For a moment, silence weighed on us both. Finally, I spread my hands out before her. “What can I do for you, Mrs.…”

“Lockerby,” she reminded me, reaching for the package. She slid it toward me. “I wanted to give you this. It’s been in my parents’ attic for years, and when they finally sold the house a couple of months ago, I found it in one of the boxes they sent me. Daniel was very proud of it, and it just didn’t feel right to throw his painting away.”

“A painting?” I asked.

“He told me once that painting it had been one of the most important things he ever did.”
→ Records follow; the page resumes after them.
(* Let $\mathcal{L}_1=\langle c_1,G_1\rangle$ and $\mathcal{L}_2=\langle c_2,G_2\rangle$ be logical zonotopes in $\mathbb{B}^n$. Let $\tilde c_1=c_1\oplus\mathbf{1}$, $\tilde c_2=c_2\oplus\mathbf{1}$, and $$\tilde G=[\tilde c_1g_{2,1},\dots,\tilde c_1g_{2,\gamma_2},\tilde c_2g_{1,1},\dots,\tilde c_2g_{1,\gamma_1},g_{1,1}g_{2,1},\dots,g_{1,\gamma_1}g_{2,\gamma_2}]$$ (last block over all pairs $(i,j)$). Then the Minkowski OR satisfies $\{z_1\vee z_2: z_1\in\mathcal{L}_1,z_2\in\mathcal{L}_2\}\subseteq\langle \tilde c_1\tilde c_2\oplus\mathbf{1},\tilde G\rangle$, and the Minkowski NOR satisfies $\{\neg(z_1\vee z_2): z_1\in\mathcal{L}_1,z_2\in\mathcal{L}_2\}\subseteq\langle \tilde c_1\tilde c_2,\tilde G\rangle$.
   Context: $\mathbb{B}=\{0,1\}$; $\mathbf{1}$ is the all-ones vector. For binary vectors, $\oplus$ denotes componentwise XOR, $\neg$ componentwise negation, $\vee$ componentwise OR, and juxtaposition $ab$ componentwise AND; for $g\in\mathbb{B}^n$, $\beta\in\mathbb{B}$, $g\beta$ is $g$ if $\beta=1$ and $0$ otherwise. A logical zonotope is $\langle c,G\rangle=\{x\in\mathbb{B}^n: x=c\oplus g_1\beta_1\oplus\cdots\oplus g_\gamma\beta_\gamma,\ \beta_i\in\{0,1\}\}$ for $c\in\mathbb{B}^n$, $G=[g_1,\dots,g_\gamma]\in\mathbb{B}^{n\times\gamma}$; $G_1=[g_{1,1},\dots,g_{1,\gamma_1}]$, $G_2=[g_{2,1},\dots,g_{2,\gamma_2}]$. *)

From mathcomp Require Import all_boot.
Set Implicit Arguments. Unset Strict Implicit. Unset Printing Implicit Defensive.

Definition bvec (n : nat) := {ffun 'I_n -> bool}.

Definition bxor n (u v : bvec n) : bvec n := [ffun i => addb (u i) (v i)].
Definition band n (u v : bvec n) : bvec n := [ffun i => u i && v i].
Definition bor  n (u v : bvec n) : bvec n := [ffun i => u i || v i].
Definition bneg n (u : bvec n) : bvec n := [ffun i => ~~ u i].
Definition bones n : bvec n := [ffun _ => true].
Definition bzero n : bvec n := [ffun _ => false].

Definition bscale n (g : bvec n) (b : bool) : bvec n := if b then g else bzero n.

(* A generator matrix G = [g_1, ..., g_gamma] is the sequence of its columns. *)
Definition in_lz n (x c : bvec n) (G : seq (bvec n)) : Prop :=
  exists bs : seq bool, size bs = size G /\
    x = foldr (fun p acc => bxor (bscale p.1 p.2) acc) c (zip G bs).

Definition Gtilde n (c1 c2 : bvec n) (G1 G2 : seq (bvec n)) : seq (bvec n) :=
  let c1t := bxor c1 (bones n) in
  let c2t := bxor c2 (bones n) in
  [seq band c1t g | g <- G2] ++ [seq band c2t g | g <- G1]
  ++ [seq band g1 g2 | g1 <- G1, g2 <- G2].

From mathcomp Require Import all_boot.

(* Write z1 = c1 (+) s1 and z2 = c2 (+) s2 with s_i the generator parts.  By De Morgan,
   NOR(z1, z2) = (~ z1)(~ z2) = (c1t (+) s1)(c2t (+) s2)
               = c1t c2t (+) c1t s2 (+) c2t s1 (+) s1 s2,
   and AND distributes over XOR, so the last three terms are XOR-combinations of the columns of
   G~, with coefficients b2, b1 and the pairwise products b1_i b2_j.  OR is NOR (+) 1, which
   only shifts the center. *)

Section LinearCombination.

Variable n : nat.
Implicit Types (c v x : bvec n) (G : seq (bvec n)) (bs : seq bool).

Definition lin_comb G bs : bvec n :=
  foldr (fun p acc => bxor (bscale p.1 p.2) acc) (bzero n) (zip G bs).

Lemma lz_point_lin_comb c G bs :
  foldr (fun p acc => bxor (bscale p.1 p.2) acc) c (zip G bs) = bxor c (lin_comb G bs).
Proof.
elim: G bs => [|g G IH] [|b bs] /=; apply/ffunP=> k; rewrite !ffunE ?addbF //.
by rewrite IH /lin_comb !ffunE addbCA.
Qed.

Lemma in_lzP x c G :
  in_lz x c G <-> exists2 bs, size bs = size G & x = bxor c (lin_comb G bs).
Proof.
rewrite /in_lz; split=> [[bs [Hs ->]]|[bs Hs ->]]; exists bs;
  by rewrite ?lz_point_lin_comb.
Qed.

Lemma in_lz_shift x c d G : in_lz x c G -> in_lz (bxor x d) (bxor c d) G.
Proof.
case/in_lzP=> bs Hs ->; apply/in_lzP; exists bs => //.
by apply/ffunP=> k; rewrite !ffunE addbAC.
Qed.

Lemma lin_comb_nill bs : lin_comb [::] bs = bzero n.
Proof. by case: bs. Qed.

Lemma lin_comb_nilr G : lin_comb G [::] = bzero n.
Proof. by case: G. Qed.

Lemma lin_comb_cons g G b bs :
  lin_comb (g :: G) (b :: bs) = bxor (bscale g b) (lin_comb G bs).
Proof. by []. Qed.

Lemma lin_comb_cat G1 G2 bs1 bs2 : size bs1 = size G1 ->
  lin_comb (G1 ++ G2) (bs1 ++ bs2) = bxor (lin_comb G1 bs1) (lin_comb G2 bs2).
Proof.
elim: G1 bs1 => [|g G IH] [|b bs] // Hs.
  by apply/ffunP=> k; rewrite lin_comb_nill !ffunE.
rewrite !cat_cons !lin_comb_cons IH; last by case: Hs.
by apply/ffunP=> k; rewrite !ffunE addbA.
Qed.

Lemma lin_comb_band v G bs :
  lin_comb [seq band v g | g <- G] bs = band v (lin_comb G bs).
Proof.
elim: G bs => [|g G IH] [|b bs] /=;
  try by apply/ffunP=> k; rewrite /lin_comb /= !ffunE andbF.
rewrite !lin_comb_cons IH; apply/ffunP=> k; rewrite !ffunE.
by case: b; rewrite /= !ffunE ?andbF ?andb_addr.
Qed.

Lemma lin_comb_scale_coef v b G bs :
  lin_comb [seq band v g | g <- G] [seq b && b' | b' <- bs]
  = bscale (band v (lin_comb G bs)) b.
Proof.
case: b; first by rewrite map_id lin_comb_band.
elim: G bs => [|g G IH] [|b' bs] //=.
by rewrite lin_comb_cons IH; apply/ffunP=> k; rewrite !ffunE.
Qed.

Lemma lin_comb_allpairs G1 G2 bs1 bs2 : size bs2 = size G2 ->
  lin_comb [seq band g1 g2 | g1 <- G1, g2 <- G2] [seq b1 && b2 | b1 <- bs1, b2 <- bs2]
  = band (lin_comb G1 bs1) (lin_comb G2 bs2).
Proof.
move=> Hs2; elim: G1 bs1 => [|g G IH] [|b bs] /=;
  try by apply/ffunP=> k; rewrite ?lin_comb_nill ?lin_comb_nilr !ffunE.
rewrite lin_comb_cat ?size_map // lin_comb_scale_coef IH lin_comb_cons.
by apply/ffunP=> k; rewrite !ffunE; case: b; rewrite /= !ffunE ?andb_addl.
Qed.

End LinearCombination.

Lemma nor_xor_expansion n (c1 c2 s1 s2 : bvec n) :
  let c1t := bxor c1 (bones n) in
  let c2t := bxor c2 (bones n) in
  bneg (bor (bxor c1 s1) (bxor c2 s2))
  = bxor (band c1t c2t) (bxor (band c1t s2) (bxor (band c2t s1) (band s1 s2))).
Proof.
apply/ffunP=> k; rewrite !ffunE.
by case: (c1 k); case: (c2 k); case: (s1 k); case: (s2 k).
Qed.

Lemma minkowski_nor_subset n (c1 c2 z1 z2 : bvec n) (G1 G2 : seq (bvec n)) :
  in_lz z1 c1 G1 -> in_lz z2 c2 G2 ->
  in_lz (bneg (bor z1 z2)) (band (bxor c1 (bones n)) (bxor c2 (bones n)))
        (Gtilde c1 c2 G1 G2).
Proof.
case/in_lzP=> bs1 Hs1 ->; case/in_lzP=> bs2 Hs2 ->; apply/in_lzP.
exists (bs2 ++ bs1 ++ [seq b1 && b2 | b1 <- bs1, b2 <- bs2]).
  by rewrite /Gtilde !size_cat !size_map !size_allpairs Hs1 Hs2.
rewrite nor_xor_expansion /Gtilde.
by rewrite !lin_comb_cat ?size_map // !lin_comb_band lin_comb_allpairs.
Qed.

Theorem mainTheorem5 (n : nat) (c1 c2 : bvec n) (G1 G2 : seq (bvec n)) :
  let c1t := bxor c1 (bones n) in
  let c2t := bxor c2 (bones n) in
  (forall z1 z2 : bvec n, in_lz z1 c1 G1 -> in_lz z2 c2 G2 ->
     in_lz (bor z1 z2) (bxor (band c1t c2t) (bones n)) (Gtilde c1 c2 G1 G2)) /\
  (forall z1 z2 : bvec n, in_lz z1 c1 G1 -> in_lz z2 c2 G2 ->
     in_lz (bneg (bor z1 z2)) (band c1t c2t) (Gtilde c1 c2 G1 G2)).
Proof.
move=> c1t c2t; split=> z1 z2 Hz1 Hz2; last exact: minkowski_nor_subset.
have -> : bor z1 z2 = bxor (bneg (bor z1 z2)) (bones n).
  by apply/ffunP=> k; rewrite !ffunE addbT negbK.
exact/in_lz_shift/minkowski_nor_subset.
Qed.
Lemma in_label c z a b s :
  ((a, b, s) \in label e t c z) =
  (0 < #|nbset c z a (val b)|) && (s == (1 < #|nbset c z a (val b)|)).
Proof. by rewrite inE. Qed.

Lemma tag_le_span v : t v <= span t.
Proof. exact: (@leq_bigmax _ (fun v => t v) v). Qed.

Lemma mem_nbset c z w : e z w -> (c w != c z) || (t w != t z) ->
  w \in nbset c z (c w) ((span t).+1 + t w - t z).
Proof. by move=> ezw ne; rewrite inE ezw ne !eqxx. Qed.

Lemma nbset_offset_lt c z a k w : w \in nbset c z a k -> k < labK t.
Proof.
rewrite inE => /and4P [_ _ _ /eqP <-]; rewrite /labK.
have := tag_le_span w; lia.
Qed.

Variable c : T -> {set T}.
Hypothesis c_stable : stable c.

Lemma nbset_transfer x y a k w :
  c x = c y -> w \in nbset c x a k -> exists w', w' \in nbset c y a k.
Proof.
move=> cxy w_nb; have k_lt := nbset_offset_lt w_nb.
have gt0 : 0 < #|nbset c x a k| by apply/card_gt0P; exists w.
have : (a, Ordinal k_lt, 1 < #|nbset c x a k|) \in label e t c x.
  by rewrite in_label /= gt0 eqxx.
by rewrite (c_stable cxy) in_label => /andP [/card_gt0P].
Qed.

Lemma nbset_gt1_transfer x y a k :
  c x = c y -> 1 < #|nbset c x a k| -> 1 < #|nbset c y a k|.
Proof.
move=> cxy gt1; have /card_gt0P [w /nbset_offset_lt k_lt] := ltnW gt1.
have : (a, Ordinal k_lt, true) \in label e t c x.
  by rewrite in_label /= gt1 ltnW.
by rewrite (c_stable cxy) in_label => /andP [_ /eqP <-].
Qed.

Lemma partner_step x x' w d : c x' = c x -> t x' + d = t x -> e x w ->
  exists2 w', c w' = c w & t w' + d = t w.
Proof.
move=> cx' tx' exw; case: (boolP ((c w != c x) || (t w != t x))) => [ne | ].
  have [w'] := nbset_transfer (esym cx') (mem_nbset exw ne).
  rewrite inE => /and4P [_ _ /eqP cw' /eqP off]; exists w' => //.
  move: off; have := tag_le_span x; have := tag_le_span x'; lia.
rewrite negb_or !negbK => /andP [/eqP cw /eqP tw].
by exists x'; [rewrite cw cx' | lia].
Qed.

Hypothesis conf : is_configuration e t.

Lemma stable_same_tag u v : c u = c v -> t u = t v.
Proof.
wlog le_uv : u v / t u <= t v.
  move=> le_case cuv; case/orP: (leq_total (t u) (t v)) => le.
    exact: le_case.
  by symmetry; apply: le_case.
move=> cuv; have [e_sym _ connected [z tz0]] := conf.
pose d := t v - t u.
(* u is a partner of v, partners propagate along edges (partner_step), so
   the tag-0 node has one too, which forces d = 0. *)
pose has_partner := [pred x | [exists x', (c x' == c x) && (t x' + d == t x)]].
have partner_fwd x y : e x y -> x \in has_partner -> y \in has_partner.
  move=> exy /existsP [x' /andP [/eqP cx' /eqP tx']].
  have [y' cy' ty'] := partner_step cx' tx' exy.
  by apply/existsP; exists y'; rewrite cy' ty' !eqxx.
have partner_closed : closed e has_partner.
  by move=> x y exy; apply/idP/idP; apply: partner_fwd; rewrite // e_sym.
have : z \in has_partner.
  rewrite -(closed_connect partner_closed (connected v z)).
  by apply/existsP; exists u; rewrite cuv eqxx /d subnKC ?eqxx.
by case/existsP=> z' /andP [_ /eqP]; rewrite tz0 /d; lia.
Qed.

End StablePartition.

Section Reception.
Variables (T : finType) (M : Type) (e : rel T) (tx : T -> option M).

Definition transmitters (v : T) : {set T} := [set w | e v w & isSome (tx w)].

Lemma size_pmap_neighbours v :
  size (pmap tx [seq w <- enum T | e v w]) = #|transmitters v|.
Proof.
rewrite enumT size_pmap count_filter cardE size_filter.
by apply: eq_count => w; rewrite !inE andbC.
Qed.

Lemma pmap_singleton (s : seq T) m :
  pmap tx s = [:: m] -> exists2 w, w \in s & tx w = Some m.
Proof.
elim: s => //= w s IH; case tw: (tx w) => [m'|] /=.
  by case=> <- _; exists w; rewrite ?mem_head.
by move/IH => [w' w's tw']; exists w'; rewrite ?inE ?w's ?orbT.
Qed.

Variant reception_spec (v : T) : obs M -> Prop :=
  | ReceptionSilence of #|transmitters v| = 0 : reception_spec v OSilence
  | ReceptionMsg w m of transmitters v = [set w] & tx w = Some m :
      reception_spec v (OMsg m)
  | ReceptionNoise of 1 < #|transmitters v| : reception_spec v ONoise.

Lemma receptionP v : reception_spec v (reception e tx v).
Proof.
rewrite /reception; have := size_pmap_neighbours v.
case E: (pmap tx _) => [|m [|m' s]] /= card; first by constructor.
  have [w w_nb twm] := pmap_singleton E.
  have /cards1P [w' tr_w'] : #|transmitters v| == 1 by rewrite -card.
  have : w \in transmitters v.
    by rewrite inE twm andbT; move: w_nb; rewrite mem_filter => /andP [].
  by rewrite tr_w' inE => /eqP w_eq; apply: ReceptionMsg tr_w' _; rewrite -w_eq.
by constructor; rewrite -card.
Qed.

End Reception.

Section ReceptionInvariance.
Variables (T : finType) (e : rel T) (t : T -> nat) (c : T -> {set T}).
Variables (M : Type) (tx : T -> option M).
Hypotheses (conf : is_configuration e t) (c_stable : stable e t c).
Hypothesis tx_class : forall w1 w2, c w1 = c w2 -> tx w1 = tx w2.

Local Notation tr := (transmitters e tx).

Lemma transmitter_nbset x w : tx x = None -> w \in tr x ->
  w \in nbset e t c x (c w) ((span t).+1 + t w - t x).
Proof.
rewrite inE => txN /andP [exw tw]; apply: mem_nbset => //.
by apply/orP; left; apply: contraTneq tw => /tx_class ->; rewrite txN.
Qed.

Lemma nbset_transmitter y k w w' : isSome (tx w) ->
  w' \in nbset e t c y (c w) k -> w' \in tr y.
Proof. by move=> tw; rewrite !inE => /and4P [-> _ /eqP /tx_class ->]. Qed.

Lemma transmitter_transfer x y w : c x = c y -> tx x = None -> w \in tr x ->
  exists2 w', w' \in tr y & c w' = c w.
Proof.
move=> cxy txN w_tr; have w_nb := transmitter_nbset txN w_tr.
have [w' w'_nb] := nbset_transfer c_stable cxy w_nb; exists w'.
  by apply: nbset_transmitter w'_nb; case/setIdP: w_tr.
by move: w'_nb; rewrite inE => /and4P [_ _ /eqP].
Qed.

Lemma transmitters_gt1_transfer x y : c x = c y -> tx x = None ->
  1 < #|tr x| -> 1 < #|tr y|.
Proof.
move=> cxy txN /card_gt1P [w1 [w2 [w1_tr w2_tr ne12]]].
case: (eqVneq (c w1) (c w2)) => [c12 | c12].
  have t12 := stable_same_tag c_stable conf c12.
  set k := (span t).+1 + t w1 - t x.
  have nb_gt1 : 1 < #|nbset e t c x (c w1) k|.
    apply/card_gt1P; exists w1, w2; rewrite transmitter_nbset //.
    by rewrite c12 /k t12 transmitter_nbset.
  have /card_gt1P [w1' [w2' [w1'_nb w2'_nb ne']]] :=
    nbset_gt1_transfer c_stable cxy nb_gt1.
  have tw1 : isSome (tx w1) by case/setIdP: w1_tr.
  apply/card_gt1P; exists w1', w2'.
  by split; [exact: nbset_transmitter w1'_nb | exact: nbset_transmitter w2'_nb |].
have [w1' w1'_tr c1] := transmitter_transfer cxy txN w1_tr.
have [w2' w2'_tr c2] := transmitter_transfer cxy txN w2_tr.
apply/card_gt1P; exists w1', w2'; split=> //.
by apply: contra_neq c12 => eq12; rewrite -c1 -c2 eq12.
Qed.

Lemma reception_class_invariant x y : c x = c y -> tx x = None ->
  reception e tx x = reception e tx y.
Proof.
move=> cxy txN; have tyN : tx y = None by rewrite -(tx_class cxy).
have tr_gt0 : (0 < #|tr x|) = (0 < #|tr y|).
  apply/card_gt0P/card_gt0P=> [[w]|[w]].
    by case/(transmitter_transfer cxy txN) => w' ?; exists w'.
  by case/(transmitter_transfer (esym cxy) tyN) => w' ?; exists w'.
have tr_gt1 : (1 < #|tr x|) = (1 < #|tr y|).
  by apply/idP/idP; apply: transmitters_gt1_transfer.
case: receptionP tr_gt0 tr_gt1 => [x0 | w m trx txw | x_gt1];
  case: receptionP => [y0 | w' m' try tyw' | y_gt1];
  rewrite ?x0 ?y0 ?trx ?try ?cards1 ?x_gt1 ?y_gt1 //= => _ _.
have w_tr : w \in tr x by rewrite trx set11.
have [w''] := transmitter_transfer cxy txN w_tr.
by rewrite try inE => /eqP -> /tx_class; rewrite txw tyw' => -[->].
Qed.

End ReceptionInvariance.

Lemma exec_class_invariant (T : finType) (e : rel T) (t : T -> nat) c
    (M : Type) (A : drip M) :
  is_configuration e t -> stable e t c ->
  forall r u v, c u = c v -> exec e t A r u = exec e t A r v.
Proof.
move=> conf c_stable; elim=> [//|r IH] u v cuv /=.
rewrite /step (IH u v cuv).
set tx := fun w => transmits A (exec e t A r w).
have rec_eq : tx v = None -> reception e tx u = reception e tx v.
  move=> txN; apply: (reception_class_invariant conf c_stable) => //.
    by move=> w1 w2 /IH; rewrite /tx => ->.
  by rewrite /tx (IH u v cuv).
case E: (exec e t A r v) rec_eq => [|h|h] rec_eq //.
  have txN : tx v = None by rewrite /tx E.
  by rewrite (stable_same_tag c_stable conf cuv) (rec_eq txN).
case Ah: (A h) => //; have txN : tx v = None by rewrite /tx E /= Ah.
by rewrite (rec_eq txN).
Qed.

Section Refinement.
Variables (T : finType) (e : rel T) (t : T -> nat).

Definition class_map (c : T -> {set T}) := forall u v, (u \in c v) = (c u == c v).

Definition stable_without_singleton (c : T -> {set T}) :=
  [/\ class_map c, stable e t c & ~~ has_singleton_class c].

Lemma class_map_partition c :
  class_map c -> partition [set c v | v : T] [set: T].
Proof.
move=> cm; have -> : [set c v | v : T] = preim_partition c [set: T].
  apply/setP => A; apply/imsetP/imsetP => -[v _ ->]; exists v => //;
    by apply/setP => w; rewrite !inE cm eq_sym.
exact: preim_partitionP.
Qed.

Lemma class_map_card_classes c :
  class_map c -> ~~ has_singleton_class c -> (numClasses c).*2 <= #|T|.
Proof.
move=> cm /existsPn no1.
rewrite -cardsT (card_partition (class_map_partition cm)) -mul2n mulnC.
rewrite -sum_nat_const; apply: leq_sum => _ /imsetP [v _ ->].
have : 0 < #|c v| by apply/card_gt0P; exists v; rewrite cm.
by move: (no1 v); case: #|c v| => [|[|]].
Qed.

Variable c : T -> {set T}.
Local Notation c' := (refine e t c).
It was hard for me to grasp her meaning. “You’re saying that Daniel painted something?”

She nodded. “In Tennessee. He told me that he painted it while living at the group home. An artist who volunteered there helped him with it.”

“Please,” I said, suddenly raising my hand. “I don’t understand any of this. Can you just start at the beginning and tell me about Daniel? My wife always wondered what happened to him.”

She hesitated. “I’m not sure how much I can really tell you. I didn’t meet him until we were in college, and he never talked much about his past. It’s been a long time.”

I stayed quiet, willing her to continue. She seemed to be searching for the right words, picking at a loose thread in the hem of her blouse. “All I know is the little he did tell me,” she began. “He said his parents had died and that he lived with his stepbrother and his wife somewhere around here, but they lost the farm and ended up moving to Knoxville, Tennessee. The three of them lived in their pickup truck for a while, but then the stepbrother got arrested for something and Daniel ended up in a group home. He lived there and did well enough in school to earn an academic scholarship to the University of Tennessee… we started dating when we were seniors, both majoring in international relations. Anyway, a few months after graduation, before we headed off to the Peace Corps, we got married. That’s really all I know. Like I said, he didn’t talk much about his past – it sounded like a difficult childhood and I think it was painful for him to relive it.”

I tried to digest all this, trying to picture the trajectory of Daniel’s life. “What was he like?” I pressed.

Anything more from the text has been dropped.